Narendra Modi ramps up the Muslim-baiting
THE Themes used by the speaker were the usual Hindu-nationalist fare. The opposition Congress Party was planning to take away Indians’ wealth, including women’s mangalsutras (Hindu bridal ornaments), and give it to “infiltrators” who “have more children”. The identity of the fecund intruders was left in no doubt: after all, the speaker alleged, Congress had argued in the past that Muslims should have the first claim to the country’s resources.
What was more unusual was the speaker’s identity: Narendra Modi, India’s prime minister, addressing an election rally in the northern state of Rajasthan last month. Mr Modi’s lieutenants in the ruling Bharatiya Janata Party (BJP) have never shied away from scapegoating India’s 200m Muslims to rally their Hindu base, something he has never condemned. Yet the prime minister himself has in recent years been careful to avoid explicit Muslim-baiting.

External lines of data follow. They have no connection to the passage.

Definition subStr {n} (ae : AlterEgo n) (S : Type) (Y : (S -> Cc n) -> Prop)
  (HY : opclosed ae S Y) : XStr n ae.
Proof.
refine {| xcar := {f : S -> Cc n | Y f};
          xopen := fun V => forall y, V y -> exists F : list S, forall y',
              (forall s, List.In s F -> proj1_sig y' s = proj1_sig y s) -> V y';
          xop := fun k g Hg t =>
            exist _ (fun s => g (fun i => proj1_sig (t i) s))
                  (HY k g Hg (fun i => proj1_sig (t i)) (fun i => proj2_sig (t i)));
          xrel := fun k r Hr t => forall s, r (fun i => proj1_sig (t i) s) |}.
- exact: sub_union.
- exact: sub_inter.
- by move=> y _; exists nil.
Defined.

(* X = IS_c P^+(C~): structures isomorphic to a closed substructure of a
   (possibly empty) power of C~ *)
Definition InX {n} (ae : AlterEgo n) (X : XStr n ae) : Prop :=
  exists (S : Type) (Y : (S -> Cc n) -> Prop) (HY : opclosed ae S Y),
    prod_open S (fun f => ~ Y f) /\ exists h, xiso X (subStr ae S Y HY) h.

Lemma G_comm {n} (ae : AlterEgo n) k g (Hg : aeG ae k g) :
  (forall u v, g (fun i => cmeet (u i) (v i)) = cmeet (g u) (g v)) /\
  (forall u v, g (fun i => cjoin (u i) (v i)) = cjoin (g u) (g v)) /\
  (forall u v, g (fun i => cimp (u i) (v i)) = cimp (g u) (g v)) /\
  g (fun _ => cbot) = cbot /\ g (fun _ => ctop) = ctop.
Proof.
have [Hb [Ht Hc]] := aeG_alg n ae k g Hg.
pose tup (u : 'I_k -> Cc n) : option 'I_k -> Cc n :=
  fun o => match o with None => g u | Some i => u i end.
have Gt : forall u, graph g (tup u) by [].
split; [|split; [|split; [|split]]].
- by move=> u v; have [H _] := Hc _ _ (Gt u) (Gt v); rewrite /graph /= in H.
- by move=> u v; have [_ [H _]] := Hc _ _ (Gt u) (Gt v); rewrite /graph /= in H.
- by move=> u v; have [_ [_ H]] := Hc _ _ (Gt u) (Gt v); rewrite /graph /= in H.
- by rewrite /graph /= in Hb.
- by rewrite /graph /= in Ht.
Qed.

Lemma R_clos {n} (ae : AlterEgo n) k r (Hr : aeR ae k r) :
  (forall u v, r u -> r v -> r (fun i => cmeet (u i) (v i))) /\
  (forall u v, r u -> r v -> r (fun i => cjoin (u i) (v i))) /\
  (forall u v, r u -> r v -> r (fun i => cimp (u i) (v i))) /\
  r (fun _ => cbot) /\ r (fun _ => ctop).
Proof.
have [Hb [Ht Hc]] := aeR_alg n ae k r Hr.
split; [|split; [|split; [|split]]] => //.
- by move=> u v ru rv; have [H _] := Hc u v ru rv.
- by move=> u v ru rv; have [_ [H _]] := Hc u v ru rv.
- by move=> u v ru rv; have [_ [_ H]] := Hc u v ru rv.
Qed.

Definition homset (n : nat) (A : HAlg) : (hcar A -> Cc n) -> Prop :=
  fun x => hom A (Calg n) x.

Lemma homset_opclosed {n} (ae : AlterEgo n) (A : HAlg) :
  opclosed ae (hcar A) (homset n A).
Proof.
move=> k g Hg t Ht.
have [Gm [Gj [Gi [Gb Gt]]]] := G_comm ae k g Hg.
split; [|split; [|split; [|split]]].
- move=> x y /=.
  have -> : (fun i => t i (hmeet A x y)) = (fun i => cmeet (t i x) (t i y)).
    by apply: functional_extensionality => i; have [H _] := Ht i; exact: H.
  exact: Gm.
- move=> x y /=.
  have -> : (fun i => t i (hjoin A x y)) = (fun i => cjoin (t i x) (t i y)).
    by apply: functional_extensionality => i; have [_ [H _]] := Ht i; exact: H.
  exact: Gj.
- move=> x y /=.
  have -> : (fun i => t i (himp A x y)) = (fun i => cimp (t i x) (t i y)).
    by apply: functional_extensionality => i; have [_ [_ [H _]]] := Ht i; exact: H.
  exact: Gi.
- rewrite /=.
  have -> : (fun i => t i (hbot A)) = (fun _ => cbot).
    by apply: functional_extensionality => i; have [_ [_ [_ [H _]]]] := Ht i; exact: H.
  exact: Gb.
- rewrite /=.
  have -> : (fun i => t i (htop A)) = (fun _ => ctop).
    by apply: functional_extensionality => i; have [_ [_ [_ [_ H]]]] := Ht i; exact: H.
  exact: Gt.
Qed.

(* D(A): the closed substructure G_n(A, C_n) of C~^A *)
Definition Dfun {n} (ae : AlterEgo n) (A : HAlg) : XStr n ae :=
  subStr ae (hcar A) (homset n A) (homset_opclosed ae A).

Lemma morph_bin {n} (ae : AlterEgo n) (X : XStr n ae) (o : Cc n -> Cc n -> Cc n)
  (Hg : forall k g, aeG ae k g -> forall u v,
      g (fun i => o (u i) (v i)) = o (g u) (g v))
  (Hr : forall k r, aeR ae k r -> forall u v, r u -> r v -> r (fun i => o (u i) (v i)))
  (a b : xcar X -> Cc n) :
  xmorph X (CX ae) a -> xmorph X (CX ae) b ->
  xmorph X (CX ae) (fun x => o (a x) (b x)).
Proof.
move=> [ca [oa ra]] [cb [ob rb]]; split; [|split].
- move=> V _.
  pose P := fun W : xcar X -> Prop => exists p q, V (o p q) /\
              W = (fun x => a x = p /\ b x = q).
  have HP : forall W, P W -> xopen X W.
    move=> W [p [q [_ ->]]]; apply: xopen_inter.
    + exact: (ca (fun c => c = p)).
    + exact: (cb (fun c => c = q)).
  have E : (fun x => V (o (a x) (b x))) = (fun x => exists W, P W /\ W x).
    apply: functional_extensionality => x; apply: propositional_extensionality; split.
    + move=> Hv; exists (fun y => a y = a x /\ b y = b x); split => //.
      by exists (a x), (b x).
    + by move=> [W [[p [q [Hv ->]]] [-> ->]]].
  rewrite E; exact: xopen_union.
- move=> k g Hk t; rewrite (oa k g Hk t) (ob k g Hk t) /=.
  by rewrite (Hg k g Hk).
- move=> k r Hk t Ht /=; apply: Hr => //; [exact: (ra k r Hk t Ht)|exact: (rb k r Hk t Ht)].
Qed.

Lemma morph_const {n} (ae : AlterEgo n) (X : XStr n ae) (c : Cc n)
  (Hg : forall k g, aeG ae k g -> g (fun _ => c) = c)
  (Hr : forall k r, aeR ae k r -> r (fun _ => c)) :
  xmorph X (CX ae) (fun _ => c).
Proof.
split; [|split].
- move=> V _.
  pose P := fun W : xcar X -> Prop => V c /\ W = (fun _ => True).
  have E : (fun _ : xcar X => V c) = (fun x => exists W, P W /\ W x).
    apply: functional_extensionality => x; apply: propositional_extensionality; split.
    + by move=> Hv; exists (fun _ => True).
    + by move=> [W [[Hv _] _]].
  rewrite E; apply: xopen_union => W [_ ->]; exact: xopen_full.
- by move=> k g Hk t /=; rewrite (Hg k g Hk).
- by move=> k r Hk t _ /=; apply: Hr.
Qed.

Mr Modi’s slogan, “sabka saath, sabka vikas”, promises “prosperity for all”. Even during the consecration in January of a controversial new Hindu temple in the northern city of Ayodhya, which was built on the ruins of a mosque demolished by a Hindu mob in 1992, he sought to portray the building as a symbol of national unity and social harmony.
Mr Modi and the BJP are still widely expected to win a third term in India’s general election, which ends on June 4th. Yet halfway through the polls, their pitch has shifted. Mr Modi usually projects an image of a statesmanlike father of the nation who has brought economic success at home and growing clout abroad, leaving a weak and divided opposition in the dust. That has given way to something more worrying.
The BJP and the prime minister have turbocharged their Islamophobia. The party released explicitly anti-Muslim videos based on Mr Modi’s Rajasthan remarks on Instagram and X. (The platforms eventually took them down for violating hate-speech rules.) Meanwhile Mr Modi, though he said this week that he did not mean Muslims when he talked about “infiltrators”, has continued to revisit the theme. Last week he suggested Congress wanted Muslims to engage in what he called “vote jihad” (voting while Muslim) and was planning to lock up the grand new temple in Ayodhya that Mr Modi personally consecrated in fulfilment of a long-standing BJP promise.
In one telling, the change in tack is a sign of confidence. The election commission, the constitutional body charged with ensuring the polls are free and fair, has shown little inclination to rap Mr Modi or the BJP on the knuckles. The commission took four days to issue a notice to the BJP over the prime minister’s remarks in Rajasthan. The notice was not addressed to Mr Modi and was accompanied by a near-identical one to Congress. The commission has been slow to respond to allegations of voter suppression or intimidation of candidates in the election, including in Gujarat, Mr Modi’s home state. Combined with the silence of India’s international partners on threats to the country’s democracy, this may have convinced Mr Modi that he had little to lose from boosting the rhetoric.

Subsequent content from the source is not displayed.